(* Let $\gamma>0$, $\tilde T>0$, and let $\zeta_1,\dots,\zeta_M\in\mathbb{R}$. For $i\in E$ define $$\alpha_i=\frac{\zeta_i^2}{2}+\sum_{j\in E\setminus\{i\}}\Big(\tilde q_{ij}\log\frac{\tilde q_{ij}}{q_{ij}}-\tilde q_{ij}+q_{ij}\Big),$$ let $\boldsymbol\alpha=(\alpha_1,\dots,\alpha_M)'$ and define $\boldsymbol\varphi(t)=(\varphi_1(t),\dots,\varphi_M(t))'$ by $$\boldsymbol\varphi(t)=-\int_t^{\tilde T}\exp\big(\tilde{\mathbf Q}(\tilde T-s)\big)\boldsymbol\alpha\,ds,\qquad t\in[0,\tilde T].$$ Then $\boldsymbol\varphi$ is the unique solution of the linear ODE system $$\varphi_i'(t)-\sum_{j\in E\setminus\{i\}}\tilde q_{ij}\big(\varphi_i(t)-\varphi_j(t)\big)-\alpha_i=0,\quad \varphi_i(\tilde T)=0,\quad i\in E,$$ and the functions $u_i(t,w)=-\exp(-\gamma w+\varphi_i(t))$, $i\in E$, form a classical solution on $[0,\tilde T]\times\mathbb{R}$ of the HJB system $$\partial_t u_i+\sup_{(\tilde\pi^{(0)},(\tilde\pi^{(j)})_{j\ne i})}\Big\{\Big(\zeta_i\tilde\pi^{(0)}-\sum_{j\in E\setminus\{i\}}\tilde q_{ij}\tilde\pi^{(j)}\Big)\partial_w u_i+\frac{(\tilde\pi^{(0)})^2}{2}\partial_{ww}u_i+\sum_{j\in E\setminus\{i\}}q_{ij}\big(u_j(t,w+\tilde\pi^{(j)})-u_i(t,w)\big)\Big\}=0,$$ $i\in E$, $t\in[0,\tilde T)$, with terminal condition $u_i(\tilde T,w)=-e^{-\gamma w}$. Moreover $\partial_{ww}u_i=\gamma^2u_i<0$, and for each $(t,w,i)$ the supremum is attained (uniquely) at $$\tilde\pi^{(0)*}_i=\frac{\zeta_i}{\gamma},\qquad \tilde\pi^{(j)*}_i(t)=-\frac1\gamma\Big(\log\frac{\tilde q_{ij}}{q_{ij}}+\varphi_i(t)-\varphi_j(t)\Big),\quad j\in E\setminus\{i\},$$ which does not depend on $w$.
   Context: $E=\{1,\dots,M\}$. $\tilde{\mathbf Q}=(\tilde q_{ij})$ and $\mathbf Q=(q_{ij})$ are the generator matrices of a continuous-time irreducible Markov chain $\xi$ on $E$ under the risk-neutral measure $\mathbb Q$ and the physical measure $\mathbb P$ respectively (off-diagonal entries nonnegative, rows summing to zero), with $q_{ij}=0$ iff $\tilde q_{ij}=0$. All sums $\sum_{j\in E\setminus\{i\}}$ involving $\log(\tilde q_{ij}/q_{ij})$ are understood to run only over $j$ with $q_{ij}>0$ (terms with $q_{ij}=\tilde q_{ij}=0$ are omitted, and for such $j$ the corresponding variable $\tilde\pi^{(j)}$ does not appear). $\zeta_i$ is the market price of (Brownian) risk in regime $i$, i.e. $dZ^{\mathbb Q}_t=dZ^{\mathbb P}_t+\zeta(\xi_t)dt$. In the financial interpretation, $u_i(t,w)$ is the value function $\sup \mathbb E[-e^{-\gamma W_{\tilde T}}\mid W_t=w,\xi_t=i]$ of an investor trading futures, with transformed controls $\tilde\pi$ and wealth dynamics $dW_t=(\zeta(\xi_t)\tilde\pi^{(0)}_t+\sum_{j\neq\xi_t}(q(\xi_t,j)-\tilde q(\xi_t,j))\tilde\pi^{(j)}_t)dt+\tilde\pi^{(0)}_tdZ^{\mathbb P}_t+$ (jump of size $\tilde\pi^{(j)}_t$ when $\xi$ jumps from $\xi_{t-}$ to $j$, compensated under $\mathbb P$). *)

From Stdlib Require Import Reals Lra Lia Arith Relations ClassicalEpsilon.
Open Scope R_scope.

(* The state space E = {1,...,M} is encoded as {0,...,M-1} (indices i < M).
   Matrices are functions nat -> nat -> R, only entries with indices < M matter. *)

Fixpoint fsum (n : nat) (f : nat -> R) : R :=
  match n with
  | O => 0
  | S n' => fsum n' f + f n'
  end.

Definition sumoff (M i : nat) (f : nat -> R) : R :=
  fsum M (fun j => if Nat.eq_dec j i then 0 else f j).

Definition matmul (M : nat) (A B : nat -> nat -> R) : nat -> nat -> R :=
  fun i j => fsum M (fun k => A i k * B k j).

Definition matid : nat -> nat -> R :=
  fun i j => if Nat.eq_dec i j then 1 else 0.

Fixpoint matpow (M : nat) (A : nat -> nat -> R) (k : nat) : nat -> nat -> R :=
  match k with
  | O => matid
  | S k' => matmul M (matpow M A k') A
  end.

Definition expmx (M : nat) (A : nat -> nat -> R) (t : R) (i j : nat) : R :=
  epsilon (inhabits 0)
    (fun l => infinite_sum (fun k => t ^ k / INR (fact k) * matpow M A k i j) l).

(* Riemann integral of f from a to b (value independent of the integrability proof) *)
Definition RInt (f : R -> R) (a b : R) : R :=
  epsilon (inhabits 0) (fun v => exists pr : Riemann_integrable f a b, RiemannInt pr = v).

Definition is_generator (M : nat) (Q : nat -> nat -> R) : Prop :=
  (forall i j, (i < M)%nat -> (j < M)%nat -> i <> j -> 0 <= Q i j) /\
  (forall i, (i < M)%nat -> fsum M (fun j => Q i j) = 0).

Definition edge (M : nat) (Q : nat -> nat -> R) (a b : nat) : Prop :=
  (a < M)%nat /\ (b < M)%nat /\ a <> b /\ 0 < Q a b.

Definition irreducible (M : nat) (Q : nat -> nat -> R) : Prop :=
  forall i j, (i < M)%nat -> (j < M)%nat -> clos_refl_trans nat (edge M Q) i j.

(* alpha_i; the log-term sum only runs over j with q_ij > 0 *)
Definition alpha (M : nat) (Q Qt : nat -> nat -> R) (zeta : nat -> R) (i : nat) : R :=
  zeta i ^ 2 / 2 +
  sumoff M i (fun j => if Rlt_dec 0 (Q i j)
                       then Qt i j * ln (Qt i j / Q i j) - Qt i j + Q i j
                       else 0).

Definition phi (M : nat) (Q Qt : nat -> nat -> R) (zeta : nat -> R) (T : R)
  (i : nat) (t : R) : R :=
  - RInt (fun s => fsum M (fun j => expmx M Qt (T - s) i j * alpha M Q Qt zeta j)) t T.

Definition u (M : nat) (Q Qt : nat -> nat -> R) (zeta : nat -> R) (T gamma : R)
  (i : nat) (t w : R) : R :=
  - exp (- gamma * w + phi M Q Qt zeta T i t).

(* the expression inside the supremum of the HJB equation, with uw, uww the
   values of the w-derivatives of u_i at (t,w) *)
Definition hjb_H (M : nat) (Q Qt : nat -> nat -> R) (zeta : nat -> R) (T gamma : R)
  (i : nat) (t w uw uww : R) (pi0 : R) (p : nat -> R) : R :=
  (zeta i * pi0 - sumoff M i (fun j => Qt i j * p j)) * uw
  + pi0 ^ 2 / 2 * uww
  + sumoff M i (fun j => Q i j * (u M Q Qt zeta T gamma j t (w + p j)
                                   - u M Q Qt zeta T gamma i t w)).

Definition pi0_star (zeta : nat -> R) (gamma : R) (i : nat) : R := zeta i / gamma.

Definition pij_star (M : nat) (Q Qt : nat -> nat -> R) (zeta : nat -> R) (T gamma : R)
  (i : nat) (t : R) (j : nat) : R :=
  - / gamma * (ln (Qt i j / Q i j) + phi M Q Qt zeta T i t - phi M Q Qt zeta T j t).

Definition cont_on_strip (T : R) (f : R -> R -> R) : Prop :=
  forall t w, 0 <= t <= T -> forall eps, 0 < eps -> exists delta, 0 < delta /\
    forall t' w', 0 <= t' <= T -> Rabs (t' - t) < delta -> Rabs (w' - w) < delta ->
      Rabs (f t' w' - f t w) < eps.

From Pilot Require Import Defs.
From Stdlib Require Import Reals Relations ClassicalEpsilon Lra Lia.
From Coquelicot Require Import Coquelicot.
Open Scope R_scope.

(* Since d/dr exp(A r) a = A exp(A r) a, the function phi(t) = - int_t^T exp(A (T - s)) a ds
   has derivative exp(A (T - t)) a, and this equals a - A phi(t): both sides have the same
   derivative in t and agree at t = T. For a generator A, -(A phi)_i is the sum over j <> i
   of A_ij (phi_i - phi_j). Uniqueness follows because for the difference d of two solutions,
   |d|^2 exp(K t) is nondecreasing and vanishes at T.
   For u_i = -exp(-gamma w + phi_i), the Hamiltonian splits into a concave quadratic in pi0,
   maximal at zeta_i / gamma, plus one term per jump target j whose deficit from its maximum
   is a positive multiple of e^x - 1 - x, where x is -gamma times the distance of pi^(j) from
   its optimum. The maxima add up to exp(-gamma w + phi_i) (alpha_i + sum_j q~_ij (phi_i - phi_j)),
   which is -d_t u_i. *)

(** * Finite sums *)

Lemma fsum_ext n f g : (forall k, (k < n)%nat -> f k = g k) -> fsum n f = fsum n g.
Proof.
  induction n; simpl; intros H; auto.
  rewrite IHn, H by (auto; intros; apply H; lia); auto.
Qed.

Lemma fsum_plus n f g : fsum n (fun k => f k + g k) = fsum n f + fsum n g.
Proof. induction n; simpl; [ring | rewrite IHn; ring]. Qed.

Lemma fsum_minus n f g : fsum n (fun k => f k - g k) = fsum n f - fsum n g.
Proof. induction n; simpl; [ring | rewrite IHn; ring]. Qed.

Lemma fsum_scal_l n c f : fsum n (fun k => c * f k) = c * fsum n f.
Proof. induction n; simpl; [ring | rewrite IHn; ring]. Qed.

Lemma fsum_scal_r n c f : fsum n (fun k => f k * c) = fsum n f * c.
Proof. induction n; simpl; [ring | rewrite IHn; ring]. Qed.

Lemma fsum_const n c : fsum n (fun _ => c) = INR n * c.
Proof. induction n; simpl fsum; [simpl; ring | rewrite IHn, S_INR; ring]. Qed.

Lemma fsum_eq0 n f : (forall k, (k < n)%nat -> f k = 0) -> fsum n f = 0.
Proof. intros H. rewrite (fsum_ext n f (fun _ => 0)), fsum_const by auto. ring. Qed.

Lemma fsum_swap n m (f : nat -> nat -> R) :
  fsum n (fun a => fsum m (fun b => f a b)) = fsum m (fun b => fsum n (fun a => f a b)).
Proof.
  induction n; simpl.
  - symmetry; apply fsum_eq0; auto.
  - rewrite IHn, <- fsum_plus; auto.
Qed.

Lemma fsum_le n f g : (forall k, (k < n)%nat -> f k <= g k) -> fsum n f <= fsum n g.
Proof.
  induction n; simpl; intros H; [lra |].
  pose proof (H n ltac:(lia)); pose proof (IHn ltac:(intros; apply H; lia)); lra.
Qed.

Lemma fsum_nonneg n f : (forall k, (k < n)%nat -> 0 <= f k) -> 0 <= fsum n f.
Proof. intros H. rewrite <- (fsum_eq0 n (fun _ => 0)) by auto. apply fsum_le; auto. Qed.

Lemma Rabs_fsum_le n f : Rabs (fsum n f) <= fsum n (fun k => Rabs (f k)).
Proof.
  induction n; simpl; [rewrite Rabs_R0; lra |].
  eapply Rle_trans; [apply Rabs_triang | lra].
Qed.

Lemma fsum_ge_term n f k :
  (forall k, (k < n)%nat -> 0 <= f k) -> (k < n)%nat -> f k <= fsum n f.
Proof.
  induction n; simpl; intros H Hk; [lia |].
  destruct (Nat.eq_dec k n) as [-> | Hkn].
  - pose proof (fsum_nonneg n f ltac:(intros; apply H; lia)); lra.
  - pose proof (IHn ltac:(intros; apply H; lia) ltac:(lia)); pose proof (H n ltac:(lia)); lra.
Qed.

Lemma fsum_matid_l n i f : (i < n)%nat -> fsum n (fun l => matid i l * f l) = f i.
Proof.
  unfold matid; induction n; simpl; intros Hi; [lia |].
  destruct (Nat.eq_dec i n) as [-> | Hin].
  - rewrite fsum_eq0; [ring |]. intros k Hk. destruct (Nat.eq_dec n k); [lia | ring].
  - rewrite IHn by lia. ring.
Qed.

## WORK ORDER:
Where does the word "else" occur in the records? Return every line that holds it.

## EXERCISE RESPONSE:
  fsum M (fun j => if Nat.eq_dec j i then 0 else f j).
  fun i j => if Nat.eq_dec i j then 1 else 0.
                       else 0).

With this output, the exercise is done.